Chainsaw Cheerleader Reviews: Feed (2005)

Directed by: Brett Leonard

Written by: Kieran Galvin, Alex O’Loughlin, Patrick Thompson

Cast: Alex O’Loughlin, Patrick Thompson, Gabby Millgate, Jack Thompson, Rose Ashton

Genre: Horror, Psychological Thriller


Feed is a film that centers around the sexual fetish of fat eroticism known as feederism. This fetish consists of feeders and gainers. A feeder  feeds a gainer who is often a woman who receives sexual pleasure from the gaining of weight and eating. The feeder seeks out obese women and derives some sexual enjoyment from the act of feeding them. It is in Feed that this sexual subculture is explored and details the life of a feeder who goes too far, often by feeding his gainers to death and publishing the details onto his very own website that members of the site pay to watch.

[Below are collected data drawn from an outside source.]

(* Let $p$ be a prime, $q=p^r$, $\mathscr{C}\subseteq\mathbb{F}_q^n$ a linear code over $\mathbb{F}_q$ of dimension $k$ ($1\le k<n$), $m\ge2$, $\mathscr{D}=\{(\lambda,\ldots,\lambda):\lambda\in\mathbb{F}_{q^k}\}\subset\mathbb{F}_{q^k}^m$, $\kappa:\mathbb{F}_{q^k}\to\mathcal{L}(\mathscr{C},\mathbb{F}_p)$ an $\mathbb{F}_p$-linear isomorphism, $f_\lambda=\kappa(\lambda)$, and $Q=\operatorname{span}\{\Phi_\Lambda:\Lambda\in\mathscr{D}\}$. Then $$Q=\operatorname{span}\Big\{\sum_{\substack{(\mathbf{c}_1,\ldots,\mathbf{c}_m)\in\mathscr{C}^m\\ \mathbf{c}_1+\cdots+\mathbf{c}_m=\mathbf{c}}}|\mathbf{c}_1\ldots\mathbf{c}_m\rangle:\mathbf{c}\in\mathscr{C}\Big\}.$$
   Context: $\zeta=e^{2\pi i/p}$; $\mathcal{L}(\mathscr{C},\mathbb{F}_p)$ is the space of $\mathbb{F}_p$-linear maps $\mathscr{C}\to\mathbb{F}_p$, with $\mathbb{F}_{q^k}$ viewed as an $\mathbb{F}_p$-space. $\phi_\lambda=q^{-k/2}\sum_{\mathbf{c}\in\mathscr{C}}\zeta^{f_\lambda(\mathbf{c})}|\mathbf{c}\rangle\in(\mathbb{C}^q)^{\otimes n}$, $\Phi_\Lambda=\phi_{\lambda_1}\otimes\cdots\otimes\phi_{\lambda_m}$; $(\mathbb{C}^q)^{\otimes nm}$ has orthonormal basis $|\mathbf{c}_1\ldots\mathbf{c}_m\rangle=|\mathbf{c}_1\rangle\otimes\cdots\otimes|\mathbf{c}_m\rangle$. *)

From HB Require Import structures.
From mathcomp Require Import all_boot all_order all_algebra all_field.
From mathcomp Require Import complex.
From mathcomp Require Import reals trigo.
Set Implicit Arguments. Unset Strict Implicit. Unset Printing Implicit Defensive.
Import GRing.Theory Num.Theory.
Local Open Scope ring_scope.

Definition zeta (R : realType) (p : nat) : R[i] :=
  Complex (cos (2 * pi / p%:R)) (sin (2 * pi / p%:R)).

(* f : F_q^n -> F_p is F_p-linear on the code C.  The F_p-vector-space structure
   on F_q^n (char F_q = p) is  a . x = x *+ a  (a viewed as a natural < p). *)
Definition Fp_linear_on (p : nat) (F : finFieldType) (n : nat)
    (C : {vspace 'rV[F]_n}) (f : 'rV[F]_n -> 'F_p) : Prop :=
  forall (a : 'F_p) (x y : 'rV[F]_n), x \in C -> y \in C ->
    f (x *+ val a + y) = a * f x + f y.

(* kappa : K -> L(C, F_p) is an F_p-linear isomorphism.  Elements of L(C,F_p)
   are represented by functions on F_q^n, identified when they agree on C. *)
Definition Fp_iso_to_dual (p : nat) (F : finFieldType) (n : nat)
    (C : {vspace 'rV[F]_n}) (K : finFieldType) (kappa : K -> 'rV[F]_n -> 'F_p)
    : Prop :=
  [/\ (forall lam, Fp_linear_on C (kappa lam)),
      (forall (a : 'F_p) (lam mu : K) (c : 'rV[F]_n), c \in C ->
          kappa (lam *+ val a + mu) c = a * kappa lam c + kappa mu c),
      (forall lam mu : K, {in C, kappa lam =1 kappa mu} -> lam = mu)
    & (forall f : 'rV[F]_n -> 'F_p, Fp_linear_on C f ->
          exists lam : K, {in C, kappa lam =1 f})].

(* Vectors of (C^q)^{(x) n} are functions F_q^n -> C (|c> = indicator of c);
   vectors of (C^q)^{(x) nm} are functions (F_q^n)^m -> C, where a point
   (c_1,...,c_m) is represented by cs : {ffun 'I_m -> 'rV[F]_n}. *)
Definition ket_space (R : realType) (F : finFieldType) (n m : nat) :=
  {ffun {ffun 'I_m -> 'rV[F]_n} -> (R[i])^o}.

Definition phi (R : realType) (p : nat) (F : finFieldType) (n : nat)
    (C : {vspace 'rV[F]_n}) (f : 'rV[F]_n -> 'F_p) : 'rV[F]_n -> R[i] :=
  fun x => if x \in C then
     Complex ((Num.sqrt ((#|F| ^ \dim C)%:R : R))^-1) 0 * zeta R p ^+ val (f x)
   else 0.

Definition Phi (R : realType) (p : nat) (F : finFieldType) (n m : nat)
    (C : {vspace 'rV[F]_n}) (K : finFieldType) (kappa : K -> 'rV[F]_n -> 'F_p)
    (Lam : {ffun 'I_m -> K}) : ket_space R F n m :=
  [ffun cs : {ffun 'I_m -> 'rV[F]_n} => \prod_(i < m) phi R C (kappa (Lam i)) (cs i)].

Definition diagD (K : finFieldType) (m : nat) : {set {ffun 'I_m -> K}} :=
  [set [ffun _ => lam] | lam : K].

Definition sumket (R : realType) (F : finFieldType) (n m : nat)
    (C : {vspace 'rV[F]_n}) (c : 'rV[F]_n) : ket_space R F n m :=
  [ffun cs : {ffun 'I_m -> 'rV[F]_n} => if [forall i, cs i \in C] && (\sum_(i < m) cs i == c)
              then 1 else 0].

Definition code_elems (F : finFieldType) (n : nat) (C : {vspace 'rV[F]_n})
  : seq 'rV[F]_n := enum [set c : 'rV[F]_n | c \in C].


(* For a diagonal Lambda = (lambda, ..., lambda), linearity of f_lambda turns
   the product of the zeta^(f_lambda(c_i)) into zeta^(f_lambda(c_1 + ... + c_m)),
   so Phi_Lambda is, up to the factor q^(-km/2), the combination
   sum_(c in C) zeta^(f_lambda(c)) S_c, where S_c is the sum of the kets
   |c_1 ... c_m> with c_1 + ... + c_m = c.  Conversely, the characters
   lambda |-> zeta^(f_lambda(d)) satisfy the orthogonality relation
   sum_lambda zeta^(f_lambda(d)) = q^k [d = 0] on C, so
   sum_lambda zeta^(-f_lambda(c)) Phi_lambda is a nonzero multiple of S_c.
   The orthogonality relation needs the f_lambda to separate the points of C;
   this follows by double counting, since kappa is injective and |K| = |C|. *)

From HB Require Import structures.
From mathcomp Require Import all_boot all_order all_algebra all_field.
From mathcomp Require Import complex.
From mathcomp Require Import reals trigo.
From mathcomp Require Import ring.
Set Implicit Arguments.
Unset Strict Implicit.
Unset Printing Implicit Defensive.

Import Order.POrderTheory GRing.Theory Num.Theory.
Local Open Scope ring_scope.

Section RootOfUnity.
Variables (R : realType) (p : nat).
Hypothesis p_prime : prime p.

Lemma zeta_expr j :
  zeta R p ^+ j = Complex (cos (j%:R * (2 * pi / p%:R))) (sin (j%:R * (2 * pi / p%:R))).
Proof.
elim: j => [|j IHj]; first by rewrite expr0 !mul0r cos0 sin0.
set th := 2 * pi / p%:R in IHj *.
by rewrite exprSr IHj /zeta -/th -addn1 natrD mulrDl mul1r cosD sinD /=; congr Complex; ring.
Qed.

Lemma zeta_neq1 : zeta R p != 1.
Proof.
rewrite /zeta; set th := 2 * pi / p%:R.
have p_gt0 : (0 : R) < p%:R by rewrite ltr0n prime_gt0.
have th_gt0 : 0 < th by rewrite divr_gt0 ?mulr_gt0 ?pi_gt0.
have th_le_pi : th <= pi by rewrite ler_pdivrMr // mulrC ler_pM2l ?pi_gt0 // ler_nat prime_gt1.
apply/eqP => -[cos_th _].
have /cos_inj : cos th = cos 0 by rewrite cos_th cos0.
rewrite !in_itv /= (ltW th_gt0) th_le_pi lexx pi_ge0 => /(_ isT isT) th0.
by move: th_gt0; rewrite th0 ltxx.
Qed.

Lemma zeta_prim_root : p.-primitive_root (zeta R p).
Proof.
have zeta_p : zeta R p ^+ p = 1.
  rewrite zeta_expr.
  have -> : p%:R * (2 * pi / p%:R) = pi *+ 2 :> R.
    by rewrite mulr2n; field; rewrite pnatr_eq0 -lt0n prime_gt0.
  by rewrite cos2pi sin2pi.
have [d prim_d d_dvd_p] := prim_order_exists (prime_gt0 p_prime) zeta_p.
have [d1|dp] : d = 1%N \/ d = p.
  by case/primeP: p_prime => _ /(_ d d_dvd_p) /orP[] /eqP; [left|right].
- by move: prim_d zeta_neq1; rewrite d1 => /prim_expr_order; rewrite expr1 => ->; rewrite eqxx.
- by move: prim_d; rewrite dp.
Qed.

Definition Fp_char (a : 'F_p) : R[i] := zeta R p ^+ val a.

Lemma Fp_char0 : Fp_char 0 = 1.
Proof. exact: expr0. Qed.

Lemma Fp_charD : {morph Fp_char : a b / a + b >-> a * b}.
Proof.
have expr_mod_p j : zeta R p ^+ (j %% (Zp_trunc (pdiv p)).+2) = zeta R p ^+ j.
  by rewrite (Fp_cast p_prime) (prim_expr_mod zeta_prim_root).
by move=> a b; rewrite /Fp_char -exprD; apply: expr_mod_p.
Qed.

Lemma Fp_char_eq1 a : (Fp_char a == 1) = (a == 0).
Proof.
have a_lt_p : (val a < p)%N by apply: leq_trans (ltn_ord a) _; rewrite (Fp_cast p_prime).
by rewrite /Fp_char -(prim_order_dvd zeta_prim_root) /dvdn modn_small.
Qed.

End RootOfUnity.

Arguments Fp_charD {R p}.
Arguments Fp_char_eq1 {R p}.

Lemma sum_char_zmod_closed (V : finZmodType) (L : idomainType) (A : {pred V})
    (chi : V -> L) :
  zmod_closed A -> {in A &, {morph chi : x y / x + y >-> x * y}} ->
  \sum_(x in A) chi x = if [forall x in A, chi x == 1] then #|A|%:R else 0.
Proof.
move=> [A0 AB] chiD.
have AD x y : x \in A -> y \in A -> x + y \in A.
  by move=> Ax Ay; rewrite -[y]opprK -[- y]sub0r AB ?AB.
case: ifPn => [/forall_inP chi1 | /forall_inPn [x0 Ax0 chi_x0]].
  by rewrite (eq_bigr (fun=> 1)) ?sumr_const // => x /chi1/eqP.
have A_shift x : (x + x0 \in A) = (x \in A).
  by apply/idP/idP => [Axx0 | Ax]; [rewrite -(addrK x0 x) AB | apply: AD].
have shift : \sum_(x in A) chi x = chi x0 * \sum_(x in A) chi x.
  rewrite mulr_sumr {1}(reindex_inj (addIr x0)) /=.
  by apply: eq_big => [x | x]; rewrite A_shift // => Ax; rewrite chiD // mulrC.
apply/eqP; have : (1 - chi x0) * \sum_(x in A) chi x == 0.
  by rewrite mulrBl mul1r -shift subrr.
by rewrite mulf_eq0 subr_eq0 eq_sym (negbTE chi_x0).
Qed.

Lemma mem_code_elems (F : finFieldType) (n : nat) (C : {vspace 'rV[F]_n}) c :
  (c \in code_elems C) = (c \in C).
Proof. by rewrite mem_enum inE. Qed.

Section CodeStates.
Variables (R : realType) (p : nat) (F : finFieldType) (n m : nat)
  (C : {vspace 'rV[F]_n}) (K : finFieldType) (kappa : K -> 'rV[F]_n -> 'F_p).
Hypotheses (p_prime : prime p) (kappa_iso : Fp_iso_to_dual C kappa).

Local Notation e := (@Fp_char R p).

Lemma kappaD l : {in C &, {morph kappa l : x y / x + y}}.
Proof.
case: kappa_iso => kappa_lin _ _ _ x y Cx Cy.
by have := kappa_lin l 1 x y Cx Cy; rewrite mul1r.
Qed.

Lemma kappa0 l : kappa l 0 = 0.
Proof. by apply: (addIr (kappa l 0)); rewrite -kappaD ?mem0v // !add0r. Qed.

Lemma kappaB l : {in C &, {morph kappa l : x y / x - y}}.
Proof.
move=> x y Cx Cy /=; apply: (addIr (kappa l y)).
by rewrite -kappaD ?memvB // !subrK.
Qed.

Lemma kappa_sum l (I : finType) (cs : I -> 'rV[F]_n) : (forall i, cs i \in C) ->
  kappa l (\sum_i cs i) = \sum_i kappa l (cs i).
Proof.
move=> Ccs; apply: (big_morph_in (C : {pred _}) (kappa l) (@memvD _ _ C) (mem0v C)).
- exact: kappaD.
- exact: kappa0.
- by move=> i _; apply: Ccs.
Qed.

Lemma kappaDl l mu c : c \in C -> kappa (l + mu) c = kappa l c + kappa mu c.
Proof.
case: kappa_iso => _ kappa_lin _ _ Cc.
by have := kappa_lin 1 l mu c Cc; rewrite mul1r.
Qed.

Lemma kappa0l c : c \in C -> kappa 0 c = 0.
Proof. by move=> Cc; apply: (addIr (kappa 0 c)); rewrite -kappaDl // !add0r. Qed.

Lemma kappa_eq0 l : {in C, forall c, kappa l c = 0} -> l = 0.
Proof.
case: kappa_iso => _ _ kappa_inj _ kappa_l0.
by apply: kappa_inj => c Cc; rewrite kappa_l0 ?kappa0l.
Qed.

Lemma sum_char_code l : \sum_(c in C) e (kappa l c) = if l == 0 then #|C|%:R else 0.
Proof.
rewrite sum_char_zmod_closed; last 2 first.
- exact/GRing.submod_closedB/memv_submod_closed.
- by move=> x y Cx Cy /=; rewrite kappaD // (Fp_charD p_prime).
congr (if _ then _ else _); apply/forall_inP/eqP => [kappa_l1 | -> c Cc].
- by apply: kappa_eq0 => c /kappa_l1; rewrite (Fp_char_eq1 p_prime) => /eqP.
- by rewrite kappa0l // Fp_char0.
Qed.

Lemma sum_char_kappa d : d \in C ->
  \sum_(l : K) e (kappa l d) = if [forall l, kappa l d == 0] then #|K|%:R else 0.
Proof.
move=> Cd; rewrite (eq_bigl (fun l => l \in predT)) // sum_char_zmod_closed; last 2 first.
- by split=> // x y.
- by move=> l mu _ _ /=; rewrite kappaDl // (Fp_charD p_prime).
congr (if _ then _ else _); apply: eq_forallb => l.
by rewrite (Fp_char_eq1 p_prime).
Qed.

Hypothesis card_K : #|K| = #|C|.

Lemma kappa_separates d : d \in C -> [forall l, kappa l d == 0] = (d == 0).
Proof.
move=> Cd; apply/idP/eqP => [kappa_d0 | ->]; last by apply/forallP => l; rewrite kappa0.
pose Z := [set c | (c \in C) && [forall l, kappa l c == 0]].
have Z0 : 0 \in Z by rewrite inE mem0v; apply/forallP => l; rewrite kappa0.
have double_count : #|K|%:R *+ #|Z| = #|C|%:R :> R[i].
  transitivity (\sum_(c in C) \sum_(l : K) e (kappa l c)).
    rewrite (eq_bigr _ sum_char_kappa) -big_mkcondr /= -sumr_const.
    by apply: eq_bigl => c; rewrite inE.
  rewrite exchange_big /= (eq_bigr _ (fun l _ => sum_char_code l)).
  by rewrite -big_mkcond big_pred1_eq.
have /cards1P [z Zz] : #|Z| == 1%N.
  have C_gt0 : (0 < #|C|)%N by apply/card_gt0P; exists 0; apply: mem0v.
  move/eqP: double_count; rewrite -mulrnA card_K eqr_nat.
  by rewrite -[X in _ == X]muln1 eqn_pmul2l.
have : d \in Z by rewrite inE Cd.
by move: Z0; rewrite Zz !inE => /eqP <- /eqP.
Qed.

Local Notation S := (@sumket R F n m C).
Local Notation Phi_diag l := (@Phi R p F n m C K kappa [ffun=> l]).

Definition phi_scale : R[i] := Complex ((Num.sqrt ((#|F| ^ \dim C)%:R : R))^-1) 0.

Lemma phi_scale_neq0 : phi_scale != 0.
Proof.
have F_gt0 : (0 < #|F|)%N by apply/card_gt0P; exists 0.
apply/eqP => /(congr1 (@complex.Re R)) /= /eqP.
by rewrite invr_eq0 sqrtr_eq0 lern0 expn_eq0 eqn0Ngt F_gt0.
Qed.

Lemma Phi_diag_ffunE l cs : Phi_diag l cs =
  if [forall i, cs i \in C] then phi_scale ^+ m * e (kappa l (\sum_(i < m) cs i)) else 0.
Proof.
rewrite ffunE; case: forallP => [Ccs | /forallP/forallPn [i Ccs_i]]; last first.
  by rewrite (bigD1 i) //= ffunE /phi (negbTE Ccs_i) mul0r.
rewrite kappa_sum // (big_morph e (Fp_charD p_prime) (@Fp_char0 R p)).
rewrite -[m in phi_scale ^+ m]card_ord -prodr_const -big_split /=.
by apply: eq_bigr => i _; rewrite ffunE /phi Ccs.
Qed.

Lemma sumket_comb_ffunE (a : 'rV[F]_n -> R[i]) cs :
  (\sum_(c in C) a c *: S c) cs =
  if [forall i, cs i \in C] then a (\sum_(i < m) cs i) else 0.
Proof.
rewrite sum_ffunE; under eq_bigr => c _ do rewrite 2!ffunE -[_ *: _]/(_ * _).
case: (boolP [forall i, cs i \in C]) => [/forallP Ccs | _]; last first.
  by rewrite big1 // => c _; rewrite andFb mulr0.
rewrite (eq_bigr (fun c => if c == \sum_(i < m) cs i then a c else 0)); last first.
  by move=> c _; rewrite andTb eq_sym; case: eqP; rewrite ?mulr1 ?mulr0.
rewrite -big_mkcondr (big_pred1 (\sum_(i < m) cs i)) // => c /=.
have C_sum : \sum_(i < m) cs i \in C by apply: memv_suml => i _; apply: Ccs.
by case: eqP => [->|_]; rewrite ?andbT ?andbF.
Qed.

Lemma Phi_diagE l : Phi_diag l = phi_scale ^+ m *: \sum_(c in C) e (kappa l c) *: S c.
Proof.
apply/ffunP => cs; rewrite Phi_diag_ffunE [RHS]ffunE sumket_comb_ffunE -[_ *: _]/(_ * _).
by case: ifP; rewrite ?mulr0.
Qed.

Lemma sumket_inversion c : c \in C ->
  \sum_(l : K) e (- kappa l c) *: Phi_diag l = (#|K|%:R * phi_scale ^+ m) *: S c.
Proof.
move=> Cc.
have coef d : d \in C ->
    \sum_(l : K) e (- kappa l c) *: (e (kappa l d) *: S d) =
    (if d == c then #|K|%:R *: S c else 0).
  move=> Cd; under eq_bigr => l _ do rewrite scalerA.
  rewrite -scaler_suml.
  under eq_bigr => l _ do rewrite -(Fp_charD p_prime) addrC -kappaB //.
  rewrite sum_char_kappa ?memvB // kappa_separates ?memvB //.
  by rewrite subr_eq0; case: eqP => [->|_]; rewrite ?scale0r.
under eq_bigr => l _ do rewrite Phi_diagE scalerA mulrC -scalerA scaler_sumr.
rewrite -scaler_sumr exchange_big /= (eq_bigr _ coef) -big_mkcondr /=.
rewrite (big_pred1 c) => [|d]; first by rewrite scalerA mulrC.
by rewrite /= andbC; case: eqP => // ->.
Qed.

Lemma Phi_diag_in_span_sumket l :
  Phi_diag l \in <<[seq S c | c <- code_elems C]>>%VS.
Proof.
rewrite Phi_diagE; apply/memvZ/memv_suml => c Cc; apply/memvZ/memv_span.
by apply: map_f; rewrite mem_code_elems.
Qed.

Lemma sumket_in_span_Phi_diag c : c \in C ->
  S c \in <<[seq @Phi R p F n m C K kappa Lam | Lam <- enum (diagD K m)]>>%VS.
Proof.
move=> Cc; have scale_neq0 : #|K|%:R * phi_scale ^+ m != 0.
  rewrite mulf_neq0 ?expf_neq0 ?phi_scale_neq0 // pnatr_eq0 card_K -lt0n.
  by apply/card_gt0P; exists 0; apply: mem0v.
rewrite -[S c]scale1r -(mulVf scale_neq0) -scalerA -sumket_inversion //.
apply/memvZ/memv_suml => l _; apply/memvZ/memv_span.
by apply: map_f; rewrite mem_enum; apply/imsetP; exists l.
Qed.

End CodeStates.

Theorem proposition3p6 (R : realType) (p r : nat) (F : finFieldType)
    (n k m : nat) (C : {vspace 'rV[F]_n}) (K : finFieldType)
    (kappa : K -> 'rV[F]_n -> 'F_p) :
  prime p -> #|F| = (p ^ r)%N ->
  \dim C = k -> (1 <= k)%N -> (k < n)%N -> (2 <= m)%N ->
  #|K| = ((p ^ r) ^ k)%N ->
  Fp_iso_to_dual C kappa ->
  (<<[seq @Phi R p F n m C K kappa Lam | Lam <- enum (diagD K m)]>>%VS
     : {vspace ket_space R F n m})
  = <<[seq @sumket R F n m C c | c <- code_elems C]>>%VS.
Proof.
move=> p_prime card_F dim_C _ _ _ card_K' kappa_iso.
have card_K : #|K| = #|C| by rewrite card_vspace card_K' card_F dim_C.
apply/eqP; rewrite eqEsubv; apply/andP; split; apply/span_subvP => _ /mapP[x + ->].
- by rewrite mem_enum => /imsetP[l _ ->]; apply: Phi_diag_in_span_sumket.
- by rewrite mem_code_elems; apply: sumket_in_span_Phi_diag.
Qed.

The director, Brett Leonard, takes on in Feed our obsession with beauty. While considering what is and isn’t beautiful in the eyes of our society, Leonard explores this fixation by delving into the internet . Leonard allows the viewer to see how the internet allows its users to engage in their most perverse desires.  Feed is more than about feederism. It is about the aspect within us all that enjoys the ugliness and the  grotesqueness of extreme situations.

Feed follows Phillip Jackson (Patrick Thompson) who is an Australian cyber crimes investigator. While policing the scum of the internet (largely porn and pedophiles), Jackson comes across a suspicious website dedicated  to the sexual fetish known as feederism. After discovering that the last gainer disappeared after she weighed in at 600 pounds, Jackson becomes obsessed with proving to his superiors that there is something very wrong with the website. Tracking down the owner of the website, Michael Carter (Alex O’Loughlin), Jackson goes against the wishes of his superiors and travels to Ohio. This results in Jackson being fired but it does not stop him from trying to track down the troubled man behind the website. As Jackson struggles to find and confront this monster, he learns the truth behind his own desires. It is not long before Jackson is able to track down Carter and as a result of this Carter begins a sadistic game at Jackson’s expense.

The amazing thing about Feed, is that the ending of the film is unpredictable. Very rarely does a movie have the ability to do so. Leonard shifts effortlessly between Jackson and Carter. He shows the good side and the bad side of each man. By going back and forth between the different sides of the characters, the viewer is left to guess who really is the bad guy. A lot of credit should also be given to the writers of Feed’s script. Each character is very well-rounded. Jackson and Carter are both given scenes that show that they can be loving human beings. The only question is what are the motives behind this kindness and affection. While each character has a disturbingly detailed past, the actions they take based on those details are sound and help explain how far each of them is willing to go for their dark desires.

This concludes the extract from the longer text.